After a short week of recovering from the National Obesity Summit, I very much enjoyed the many passionate and provocative comments to yesterday’s tongue-in-cheek post – I am grateful for all responses and there’s nothing like passion and discourse to keep things interesting.

As far as diversity of opinions is concerned, there was certainly no shortage of that at the Summit. Whether this was in the ‘building trust’ workshop where participants vehemently and decidedly agreed to completely disagree (I recall the odd shouting match or two), to the full-day workshop of the Québec Charter for a Healthy and Diverse Body Image, that featured speakers like Gail McVey, one of Canada’s leading researchers on the negative impact of unhealthy size obsession on body image and eating behaviours, which certainly provided a very different view of the obesity problem and possible solutions to Summit attendees.
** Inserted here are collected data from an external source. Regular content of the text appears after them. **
(* Let $(x_n)_{n \geq 1}$ be a sequence of vectors with $x_n$ on the complex unit sphere of $\mathbb{C}^n$ for all $n$. Then there exists a unique virtual isometry $(u_n)_{n \geq 1}$ such that $u_n(e_n) = x_n$ for all $n \geq 1$, and it is given by $u_n = r_n r_{n-1}\cdots r_1$, where for $j \in \{1,\dots,n\}$, $r_j = \mathrm{Id}$ if $x_j = e_j$, and otherwise $r_j$ is the unique reflection (unitary operator $r$ with $r-\mathrm{Id}$ of rank one, acting on $\mathbb{C}^j$ and fixing $e_k$ for $k>j$) such that $r_j(e_j) = x_j$. Moreover, if $x_n = e_{i_n}$ with $i_n \in \{1,\dots,n\}$ for all $n$, then $(u_n)_{n\ge1}$ is the sequence of permutation matrices (with $u_n e_j = e_{\sigma_n(j)}$) of the virtual permutation $(\sigma_n)_{n\ge1}$ given by $\sigma_n = \tau_{n,i_n}\tau_{n-1,i_{n-1}}\cdots\tau_{1,i_1}$, where $\tau_{j,k} = \mathrm{Id}$ if $j = k$ and $\tau_{j,k}$ is the transposition $(j,k)$ if $j \neq k$.
   Context: Let $(e_k)$ be the canonical basis of $\ell^2$; identify $\mathbb{C}^n$ with the span of $e_1,\dots,e_n$ and $U(n)$ with the unitary operators fixing every $e_k$, $k>n$. For $n\ge m\ge1$ and $u\in U(n)$, $\pi_{n,m}(u)$ is the unique $v\in U(m)$ such that the range of $u-v$ is contained in $(u-\mathrm{Id})(\mathrm{span}\{e_k:k>m\})$ (existence and uniqueness are known). A virtual isometry is a sequence $(u_n)_{n\ge1}$ with $u_n\in U(n)$ and $\pi_{n+1,n}(u_{n+1})=u_n$ for all $n\ge1$. A virtual permutation is a sequence $(\sigma_n)$, $\sigma_n\in\mathcal{S}_n$, such that for $n\ge m$, $\sigma_m$ is obtained from $\sigma_n$ by deleting $m+1,\dots,n$ from its cycle structure. *)

From HB Require Import structures.
From mathcomp Require Import all_boot all_order all_algebra all_fingroup.
From mathcomp Require Import spectral.
From mathcomp Require Import reals.
From mathcomp Require Import complex.
(* Let $D$ be a positive integer that is not a perfect square, and let $Q_1,Q_2,Q_3$ be forms in the principal cycle of determinant $D$. Suppose $\tilde I\approx Q_1$ via $S_1=\pm L_{k_1}$ and $\tilde I\approx Q_2$ via $S_2=\pm L_{k_2}$, where $k_1,k_2\ge0$. Suppose $Q_3=Q_1\circ Q_2$ via a bilinear matrix $B$ with $\log\|B\|\le c_1\log D$ for a constant $c_1$. Let $S_3$ be defined by $S_3B=B_0(S_1\otimes S_2)$, where $B_0=\begin{pmatrix}1&0&0&D-\lambda^2\\0&1&1&2\lambda\end{pmatrix}$, $\lambda=\lfloor\sqrt D\rfloor$, and suppose $S_3=\pm L_{k_3}$. Define $\xi$ by $$\log\|L_{k_3}\|=\log\|L_{k_1}\|+\log\|L_{k_2}\|+\xi.$$ Then $|\xi|\le (c_1+4)\log D$.
   Context: Forms $[a,2b,c]$ mean $ax_1^2+2bx_1x_2+cx_2^2$ with matrix $\begin{pmatrix} a&b\\ b&c\end{pmatrix}$, determinant $b^2-ac$. $Q\approx Q'$ via $S$: $S$ integer $2\times2$, $\det S=1$, $S^tQS=Q'$. Reduced form of determinant $D$: $0<b<\sqrt D$, $\sqrt D-b<|a|<\sqrt D+b$. $\tilde I=[1,2\lambda,\lambda^2-D]$. The right neighbor of a reduced $Q_1=[a_1,2b_1,c_1]$ is $S^tQ_1S$ with $S=\begin{pmatrix}0&1\\-1&\mu\end{pmatrix}$, $\mu$ the integer with $-\sqrt D-b_1<\mu c_1<-\sqrt D-b_1+|c_1|$. Principal cycle: $Q^{(0)}=\tilde I$, $Q^{(j)}$ the right neighbor of $Q^{(j-1)}$, $S^{(j)}$ the corresponding matrix; $L_0=$ identity, $L_j=S^{(1)}\cdots S^{(j)}$ for $j\ge1$; the cycle has least period $2p$; for negative $j$, $S^{(j)}=(S^{(j_0)})^{-1}$ with $j\equiv j_0\pmod{2p}$, $0<j_0\le2p$, and $L_{-j}=S^{(-j)}\cdots S^{(-1)}$. Composition $Q_3=Q_1\circ Q_2$ via a $2\times4$ integer matrix $B$: $(x^tQ_1x)(y^tQ_2y)=z^tB^tQ_3Bz$ identically with $z=(x_1y_1,x_1y_2,x_2y_1,x_2y_2)^t$, where $B$ is unimodular (its six $2\times2$ minors $\Delta_{ik}$ from columns $i<k$ have gcd 1) and oriented ($a_1\Delta_{12}>0$, $a_2\Delta_{13}>0$, $a_i$ the leading coefficient of $Q_i$). $\otimes$ is the Kronecker product. $\|M\|$ is the maximum absolute value of the entries of $M$. Logarithms: $\log x=\log_2|x|$ if $|x|\ge4$, and $\log x=2$ if $|x|<4$. *)

From HB Require Import structures.
From Stdlib Require Import ClassicalEpsilon.
From mathcomp Require Import all_boot all_order all_algebra.
From mathcomp Require Import reals Rstruct exp.
Set Implicit Arguments. Unset Strict Implicit. Unset Printing Implicit Defensive.
Import Order.TTheory GRing.Theory Num.Theory.
Local Open Scope ring_scope.

Notation R := Rdefinitions.R.

(* A bqform [a,2b,c] is stored as the triple (a,b,c). *)
Definition bqform := (int * int * int)%type.
Definition fa (q : bqform) : int := q.1.1.
Definition fb (q : bqform) : int := q.1.2.
Definition fc (q : bqform) : int := q.2.
Hypothesis step : forall L, Good L -> inhabited (ses_step L).
Variables (M : lmodType R) (M_good : Good M).

Definition choose_step L (L_good : Good L) : ses_step L :=
  epsilon (step L_good) (fun=> True).

Fixpoint stage (n : nat) : {L : lmodType R & Good L} :=
  if n is n'.+1 then
    let s := choose_step (projT2 (stage n')) in existT _ _ (step_next_good s)
  else existT _ M M_good.

Let step_at n := choose_step (projT2 (stage n)).

Lemma coresolution_of_steps : has_Y_exact_coresolution Ycl Acl M.
Proof.
pose i n := step_in (step_at n); pose q n := step_out (step_at n).
have inj n : injective (i n) by case: (step_ses (step_at n)).
have surj n : forall l, exists x, q n x = l by case: (step_ses (step_at n)).
have ex n : mexact (i n) (q n) by case: (step_ses (step_at n)).
have Yinj n : Yminj Ycl (i n) by case: (step_ses (step_at n)).
have Yex n : Ymexact Ycl (i n) (q n) by case: (step_ses (step_at n)).
exists (fun n => step_mid (step_at n)), (i 0%N), (fun n => i n.+1 \o q n).
split=> [n|]; first exact: step_mid_cl.
split; first exact: (inj 0%N).
split; first exact: mexact_splice0 (ex 0%N) (inj 1%N).
split=> [n|]; first exact: mexact_splice (surj n) (ex n.+1) (inj n.+2).
split; first exact: (Yinj 0%N).
split; first exact: Ymexact_splice0 (Yex 0%N) (Yinj 1%N).
by move=> n; apply: Ymexact_splice (surj n) (Yex n.+1) (Yinj n.+2).
Qed.
End Iterate.

Section GorensteinFlat.
Variables (R : pzRingType) (Xcl : lmodType R -> Prop).
Variable Ycl : lmodType R^c -> Prop.

Lemma odd_absz_add1 (i : int) : odd `|i + 1| = ~~ odd `|i|.
Proof.
case: i => n; first by rewrite addrC -intS.
by case: n => [|n] //=; rewrite subSS subn0 negbK.
Qed.

Section IdZero.
Variable A : lmodType R.

Lemma mexact_id0 : mexact (@idfun A) (\0 : {linear A -> A}).
Proof. by move=> x; split=> [_|//]; exists x. Qed.

Lemma mexact_0id : mexact (\0 : {linear A -> A}) (@idfun A).
Proof. by move=> x /=; split=> [->|[y <-]] //; exists 0. Qed.

Lemma Ymexact_id0 : Ymexact Ycl (@idfun A) (\0 : {linear A -> A}).
Proof.
move=> Y _ s; split=> [_|]; last by move=> _; apply: tzero_tmap0.
by exists s; rewrite tmap_id; apply: teq_refl.
Qed.

Lemma Ymexact_0id : Ymexact Ycl (\0 : {linear A -> A}) (@idfun A).
Proof.
move=> Y _ s; split; last exact: tzero_tmap_im.
by rewrite tmap_id => s0; exists s; exact: teq_tzero (tzero_tmap0 _ _) s0.
Qed.
End IdZero.

Lemma GFlat_Xcl X : Xcl X -> GFlat Xcl Ycl X.
Proof.
move=> HX; pose idX : {linear X -> X} := idfun; pose zX : {linear X -> X} := \0.
pose d (i : int) := if odd `|i| then idX else zX.
have dS i : d (i + 1) = if odd `|i| then zX else idX.
  by rewrite /d odd_absz_add1; case: odd.
exists (fun=> X), d; split=> //.
split=> [i|].
  by rewrite dS /d; case: odd; [apply: mexact_id0 | apply: mexact_0id].
split=> [i|].
  by rewrite dS /d; case: odd; [apply: Ymexact_id0 | apply: Ymexact_0id].
by exists idX; split=> //; apply: mexact_id0.
Qed.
It is also the only obesity conference that I have ever been to, where the booths of the Public Health Agency of Canada and Québec’s Coalition Poids were right besides booths displaying the latest in bariatric surgical technology.

But if that is not enough evidence of diversity, I strongly recommend reading this TweetReach Report, which summarizes the almost 500 tweets that reached almost 80,000 people for a total of 350,000 impressions.

This is what I call fostering diversity and dialogue.

I am with Edward de Bono on this one: “Argument is meant to reveal the truth, not to create it.”

Or, as a management pundit once told me – if two members on your team completely agree on everything, it’s time to fire one of them!